Wednesday, June 15, 2005

Back to Roots

Three years ago, one of my friends and I were pitching around ideas for films that we could make as easy, cheap, commercial horrors. We came up with an idea that was pretty good, we thought, and decided it would just be a good story, bad script, and throw a porn star in it to sell it and move on.

Funny thing happened, the story got to be actually GOOD* (*again, whenever I use the term GOOD, it's something WE think is good). He was working in Rome for a bit, and coincidentally, much of the script ended up having some roots in the orthodoxy split of the catholic church - so I thought I'd go soak up some Original Catholicism to bring it to the script. Then the story got deeper.

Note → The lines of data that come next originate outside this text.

(* With a = geom (p+1) (1/t), Q(t) = 1 - 1/a, and the denominator
   1 - Q + Q s^(p+1) of R(x;t) falls short of s^p by an explicit product. *)
Lemma defect_identity p s t : 0 < s -> 0 < t ->
  let a := geom (S p) (/ t) in let A := geom (S p) (/ s) in
  s ^ p - (/ a + (1 - / a) * s ^ S p) = (s - 1) * geom (S p) s * (A - a) / (A * a).
Proof.
  intros Hs Ht a A.
  pose proof (geom_ge1 p (/ s) (Rlt_le _ _ (Rinv_0_lt_compat _ Hs))) as HA.
  pose proof (geom_ge1 p (/ t) (Rlt_le _ _ (Rinv_0_lt_compat _ Ht))) as Ha.
  fold a A in HA, Ha.
  pose proof (geom_mul (S p) s) as G1. pose proof (geom_rev p s Hs) as G2. fold A in G2.
  assert (Hsp : s ^ p = geom (S p) s / A) by (rewrite <- G2; field; lra).
  assert (HsSp : s ^ S p = 1 + (s - 1) * geom (S p) s) by lra.
  assert (E : s ^ p - (/ a + (1 - / a) * s ^ S p) =
             (s - 1) * (/ a * geom (S p) s) - (s ^ S p - s ^ p)) by (rewrite HsSp; field; lra).
  replace (s ^ S p - s ^ p) with ((s - 1) * s ^ p) in E by (simpl; ring).
  rewrite E, Hsp. field. lra.
Qed.

Lemma defect_lower p t x : (1 <= p)%nat -> 0 < t -> t <> 1 -> 0 < x < 1 ->
  let s := 1 - (1 - t) * x in let a := geom (S p) (/ t) in
  (1 - t) ^ 2 * (x * (1 - x)) / (Rmax 1 t ^ 2 * geom (S p) (/ Rmin 1 t) ^ 2)
  <= s ^ p - (/ a + (1 - / a) * s ^ S p).
Proof.
  intros Hp Ht Ht1 Hx s a.
  set (m := Rmin 1 t). set (M := Rmax 1 t).
  assert (Hm : 0 < m /\ m <= 1 <= M /\ m <= t <= M)
    by (unfold m, M, Rmin, Rmax; destruct Rle_dec; lra).
  assert (Hs : m <= s <= M) by (unfold s, m, M, Rmin, Rmax; destruct Rle_dec; nra).
  set (A := geom (S p) (/ s)). set (Tm := geom (S p) (/ m)).
  assert (Hinv : 0 < / s /\ 0 < / t /\ 0 < / m) by (repeat split; apply Rinv_0_lt_compat; lra).
  assert (HA : 1 <= A <= Tm).
  { split; [apply geom_ge1; lra| apply geom_mono; split; [lra| apply Rinv_le_contravar; lra]]. }
  assert (Ha : 1 <= a <= Tm).
  { split; [apply geom_ge1; lra| apply geom_mono; split; [lra| apply Rinv_le_contravar; lra]]. }
  assert (HTs : 1 <= geom (S p) s) by (apply geom_ge1; lra).
  set (q := (1 - t) ^ 2 * (x * (1 - x))).
  assert (Hq : 0 < q) by (unfold q; apply Rmult_lt_0_compat; [apply pow2_gt_0; lra| nra]).
  assert (Hgap : (s - 1) * (/ s - / t) = q / (s * t)).
  { replace q with ((s - 1) * (t - s)) by (unfold q, s; ring). field. split; lra. }
  assert (Hst : 0 < s * t <= M ^ 2) by (simpl; split; nra).
  assert (Key : q / (s * t) <= (s - 1) * (A - a)).
  { rewrite <- Hgap. destruct p as [|k]; [lia|].
    apply geom_increment_signed; try lra. rewrite Hgap. apply Rdiv_lt_0_compat; lra. }
  pose proof (defect_identity p s t ltac:(lra) Ht) as DI. cbv zeta in DI. fold a A in DI.
  rewrite DI.
  apply Rle_trans with (q / (s * t) / (A * a)).
  - unfold Rdiv. rewrite Rmult_assoc, <- Rinv_mult. apply Rmult_le_compat_l; [lra|].
    apply Rinv_le_contravar; [apply Rmult_lt_0_compat; nra|].
    apply Rmult_le_compat; try nra.
  - assert (0 < q / (s * t)) by (apply Rdiv_lt_0_compat; lra).
    replace ((s - 1) * geom (S p) s * (A - a)) with (geom (S p) s * ((s - 1) * (A - a))) by ring.
    unfold Rdiv at 2 3. apply Rmult_le_compat_r; [apply Rlt_le, Rinv_0_lt_compat; nra|]. nra.
Qed.

Lemma Rfun_denominator p t x : 0 < t -> t <> 1 -> 0 <= x <= 1 ->
  let a := geom (S p) (/ t) in let s := 1 - (1 - t) * x in
  1 - Qf (S p) t + Qf (S p) t * s ^ S p = / a + (1 - / a) * s ^ S p /\
  0 < / a /\ / a <= / a + (1 - / a) * s ^ S p <= 1 + Rmax 1 t ^ S p.
Proof.
  intros Ht Ht1 Hx a s. rewrite Qf_geom by auto. fold a. split; [ring|].
  assert (Ha : 1 <= a) by (apply geom_ge1, Rlt_le, Rinv_0_lt_compat; lra).
  assert (Hia : 0 < / a <= 1).
  { split; [apply Rinv_0_lt_compat; lra|]. rewrite <- Rinv_1. apply Rinv_le_contravar; lra. }
  assert (Hs : 0 <= s <= Rmax 1 t) by (unfold s, Rmax; destruct Rle_dec; nra).
  pose proof (pow_le s (S p) ltac:(lra)). pose proof (pow_incr s (Rmax 1 t) (S p) Hs).
  nra.
Qed.

(* The constant in the lower bound R(x;t)^2 >= c (x (1-x)) for t <> 1. *)
Definition Rfun_const (p : nat) (t : R) : R :=
  / (Rmax 1 t ^ 2 * geom (S p) (/ Rmin 1 t) ^ 2 * (1 + Rmax 1 t ^ S p)).

Lemma Rfun_const_pos p t : 0 < t -> 0 < Rfun_const p t.
Proof.
  intros Ht. unfold Rfun_const.
  assert (1 <= Rmax 1 t) by (unfold Rmax; destruct Rle_dec; lra).
  assert (1 <= geom (S p) (/ Rmin 1 t))
    by (apply geom_ge1, Rlt_le, Rinv_0_lt_compat; unfold Rmin; destruct Rle_dec; lra).
  pose proof (pow_le (Rmax 1 t) (S p) ltac:(lra)).
  apply Rinv_0_lt_compat. repeat apply Rmult_lt_0_compat; try apply pow_lt; lra.
Qed.

Lemma Rfun_radicand_lower p t x : (1 <= p)%nat -> 0 < t -> t <> 1 -> 0 < x < 1 ->
  let s := 1 - (1 - t) * x in let a := geom (S p) (/ t) in
  Rfun_const p t * ((1 - t) ^ 2 * (x * (1 - x)))
  <= (s ^ p / (/ a + (1 - / a) * s ^ S p)) ^ 2 - 1.
Proof.
  intros Hp Ht Ht1 Hx s a.
  destruct (Rfun_denominator p t x Ht Ht1 ltac:(lra)) as [_ HD]. fold a s in HD.
  pose proof (defect_lower p t x Hp Ht Ht1 Hx) as NB. cbv zeta in NB. fold a s in NB.
  set (D := / a + (1 - / a) * s ^ S p) in *.
  set (M := Rmax 1 t) in *. set (Tm := geom (S p) (/ Rmin 1 t)) in *.
  set (q := (1 - t) ^ 2 * (x * (1 - x))) in *.
  assert (Hq : 0 < q) by (unfold q; apply Rmult_lt_0_compat; [apply pow2_gt_0; lra| nra]).
  assert (HM : 1 <= M) by (unfold M, Rmax; destruct Rle_dec; lra).
  assert (HTm : 1 <= Tm)
    by (apply geom_ge1, Rlt_le, Rinv_0_lt_compat; unfold Rmin; destruct Rle_dec; lra).
  pose proof (pow_le M (S p) ltac:(lra)).
  assert (Hr : 0 < q / (M ^ 2 * Tm ^ 2))
    by (apply Rdiv_lt_0_compat; [|apply Rmult_lt_0_compat; apply pow_lt]; lra).
  assert (Hf : Rfun_const p t * q <= s ^ p / D - 1).
  { replace (s ^ p / D - 1) with ((s ^ p - D) / D) by (field; lra).
    replace (Rfun_const p t * q) with (q / (M ^ 2 * Tm ^ 2) / (1 + M ^ S p))
      by (unfold Rfun_const; fold M Tm; field; repeat split; try apply pow_nonzero; lra).
    apply Rle_trans with ((s ^ p - D) / (1 + M ^ S p)); unfold Rdiv.
    - apply Rmult_le_compat_r; [apply Rlt_le, Rinv_0_lt_compat|]; lra.
    - apply Rmult_le_compat_l; [lra| apply Rinv_le_contravar; lra]. }
  pose proof (Rfun_const_pos p t Ht). nra.
Qed.

Lemma Rfun_lower_bound_ne1 p t x : (1 <= p)%nat -> 0 < t -> t <> 1 -> 0 < x < 1 ->
  sqrt (Rfun_const p t) * sqrt (x * (1 - x)) <= Rfun (S p) x t.
Proof.
  intros Hp Ht Ht1 Hx.
  destruct (Rfun_denominator p t x Ht Ht1 ltac:(lra)) as [ED _].
  pose proof (Rfun_radicand_lower p t x Hp Ht Ht1 Hx) as HR. cbv zeta in HR.
  pose proof (Rfun_const_pos p t Ht).
  assert (Ha1 : 0 < Rabs (1 - t)) by (apply Rabs_pos_lt; lra).
  unfold Rfun. destruct (Req_EM_T t 1) as [|_]; [lra|].
  replace (S p - 1)%nat with p by lia. rewrite ED.
  apply Rle_trans with (/ Rabs (1 - t) * sqrt (Rfun_const p t * ((1 - t) ^ 2 * (x * (1 - x))))).
    rewrite <- Rsqr_pow2.
    rewrite (sqrt_mult (Rfun_const p t)), (sqrt_mult (Rsqr (1 - t))), sqrt_Rsqr_abs
      by (try apply Rle_0_sqr; try apply Rmult_le_pos; try apply Rle_0_sqr; nra).
    right. field. lra.
  - apply Rmult_le_compat_l; [apply Rlt_le, Rinv_0_lt_compat; lra|].
    apply sqrt_le_1_alt; auto.
Qed.

Lemma Rfun_lower_bound n t : (2 <= n)%nat -> 0 < t ->
  exists c, 0 < c /\ forall x, 0 < x < 1 -> c * sqrt (x * (1 - x)) <= Rfun n x t.
Proof.
  intros Hn Ht. destruct (Req_EM_T t 1) as [->|Ht1].
  - exists 1. split; [lra|]. intros x Hx. unfold Rfun. destruct (Req_EM_T 1 1) as [_|]; [|lra].
    rewrite Rmult_1_l. apply sqrt_le_1_alt.
    assert (2 <= INR n) by (replace 2 with (INR 2) by (simpl; lra); apply le_INR; auto).
    assert (0 < x * (1 - x)) by nra. nra.
  - destruct n as [|p]; [lia|]. exists (sqrt (Rfun_const p t)). split.
    + apply sqrt_lt_R0, Rfun_const_pos; auto.
    + intros x Hx. apply Rfun_lower_bound_ne1; auto; lia.
Qed.

Lemma Rfun_continuous n t x : (2 <= n)%nat -> 0 < t -> 0 < x < 1 ->
  continuous (fun y => Rfun n y t) x.
Proof.
  intros Hn Ht Hx. unfold Rfun. destruct (Req_EM_T t 1) as [->|Ht1].
  - apply continuous_sqrt_comp, (ex_derive_continuous (K:=R_AbsRing) (V:=R_NormedModule)).
    auto_derive. auto.
  - destruct n as [|p]; [lia|].
    destruct (Rfun_denominator p t x Ht Ht1 ltac:(lra)) as [ED HD].
    apply (continuous_mult (fun _ => / Rabs (1 - t))); [apply continuous_const|].
    apply continuous_sqrt_comp, (ex_derive_continuous (K:=R_AbsRing) (V:=R_NormedModule)).
    auto_derive. replace (1 + - ((1 - t) * x)) with (1 - (1 - t) * x) by ring.
    change ((1 - (1 - t) * x) * (1 - (1 - t) * x) ^ p) with ((1 - (1 - t) * x) ^ S p). lra.
Qed.

(* 1/R(.;t) is dominated by a multiple of Mj, so zeta(.;t) is a finite,
   strictly decreasing, 1/2-Hoelder function on [0,1] vanishing at 1. *)
Lemma zeta_properties n t : (2 <= n)%nat -> 0 < t -> exists C, 0 < C /\
  zeta n 1 t = 0 /\
  (forall x y, 0 <= x < y -> y <= 1 -> zeta n y t < zeta n x t) /\
  (forall x y, 0 <= x <= 1 -> 0 <= y <= 1 ->
     Rabs (zeta n x t - zeta n y t) <= C * sqrt (Rabs (x - y))).
Proof.
  intros Hn Ht.
  destruct (Rfun_lower_bound n t Hn Ht) as [c [Hc HR]].
  assert (Rpos : forall x, 0 < x < 1 -> 0 < Rfun n x t).
  { intros x Hx. pose proof (HR x Hx). assert (0 < sqrt (x * (1 - x))) by (apply sqrt_lt_R0; nra). nra. }
  assert (Hdom : forall x, 0 < x < 1 -> / Rfun n x t <= 2 / c * Mj x).
  { intros x Hx. specialize (HR x Hx). unfold Mj.
    set (a := sqrt x) in *. set (b := sqrt (1 - x)) in *.
    assert (Ha : 0 < a) by (apply sqrt_lt_R0; lra).
    assert (Hb : 0 < b) by (apply sqrt_lt_R0; lra).
    assert (a * a = x /\ b * b = 1 - x) as [Haa Hbb] by (split; apply sqrt_sqrt; lra).
    rewrite sqrt_mult in HR by lra. fold a b in HR.
    assert (Hab : 0 < c * (a * b)) by (apply Rmult_lt_0_compat; nra).
    apply Rle_trans with (/ (c * (a * b))); [apply Rinv_le_contravar; auto|].
    replace (2 / c * (/ a + / b)) with (/ (c * (a * b)) + (2 * (a + b) - 1) / (c * (a * b)))
      by (field; lra).
    assert (0 <= (2 * (a + b) - 1) / (c * (a * b))) by (apply Rdiv_le_0_compat; nra).
    lra. }
  destruct (dominated_improper_integral (fun y => / Rfun n y t) (2 / c)
              ltac:(apply Rdiv_lt_0_compat; lra))
    as (Z & Z1 & Himp & Hdec & Hhol).
  - intros x Hx. apply continuous_Rinv_comp; [apply Rfun_continuous; auto|].
    pose proof (Rpos x Hx). lra.
  - intros x Hx. apply Rinv_0_lt_compat, Rpos; auto.
  - exact Hdom.
  - assert (zZ : forall x, 0 <= x <= 1 -> zeta n x t = Z x).
    { intros x Hx. unfold zeta. destruct (Req_EM_T x 1) as [->|Hx1]; auto. apply Himp. lra. }
    exists (4 * (2 / c)). split; [apply Rmult_lt_0_compat; [lra| apply Rdiv_lt_0_compat; lra]|].
    split; [|split].
    + rewrite zZ; auto; lra.
    + intros x y Hxy Hy. rewrite !zZ by lra. auto.
    + intros x y Hx Hy. rewrite !zZ by lra. auto.
Qed.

Then we hired a writer to write the script based on our treatment. He had great ideas, but they were HIS ideas, and not the ideas we had paid him to write. The draft of the script he turned in, we dumped. Story sat for another year.

We brought in another writer to work on it. He was really excited after reading the character profiles and the treatment, and is a pretty prolific and fast writer. Months went by, with nothing. Until we finally pinned him down, and he said he was intimidated by trying to make it all work in one script. OK, that was writer #2.

So, the hell with it. I've written a script. They're hard. They suck. More importantly, my first script sucked. My second one was actually a lot better, but a 20 page short and not a feature like the first one. I read "Story" by Robert McKee as a yearly ritual. I'll take a tackle at it - in all the free time I have.


Funny thing though when you steep in a story for 3 years. It gets under your skin. And this has. The last 2 weeks have been a joy of rediscovery of characters, of huge, gigantic, gaping holes in the story, of characters shallower than Paris Hilton - but an underlying, rock solid story, that really is pretty damn cool. Thankfully, our treatment also had somewhere around 120 scenes - way too many. Cut, cut, cut, combine, combine, change, expand, contract - go back to the characters, the story, create the legends based in character and not simply circumstance and the reactions to circumstance. This is an attempt at creating an entirely new legend.... and at least in my head... it is working.

When it's done, my partners may hate it. It may have too much backstory, but the backstory IS so rich, and key to making the whole thing work on so many levels - and as of right now, I've remapped and created new scenes and functions and stuff that takes us solidly to the mid Act II climax, and will have the end of Act II mapped out by Friday.

There are 3x5 cards taped all over my wall. For a guy who's as digital as I usually am, I'm finding it much easier to sketch and notate and move stuff around and get big pictures of it all in a very analog way. A legal pad, notecards, sharpies, tape, and highlighters. I'm enjoying every minute of it.

Saturday, June 11, 2005

And So It Ends, and Begins

Well, through 2 1/2 months of due diligence, and revelation upon revelation of bad stuff and a company worth nothing, but costing a whole pile of money to buy, my company officially withdrew it's offer to acquire the company we were interested in on Friday.

Immediately following that, I had to withdraw my consulting contract with them as well. (Though I tried to withdraw it before due diligence began, they gave me a rider that allowed both, and apparently they needed my services, since now they're a bit panicked.)

It's been an educational, and massively frustrating experience. Just when you think you're finally getting the whole story, something new pops up. Just when you think the deal can't possibly get any more costly, or packed full of more bullshit... it somehow miraculously DOES.

It boggles my mind that people think they can get away with some of the things they try to get away with. Do people think anymore?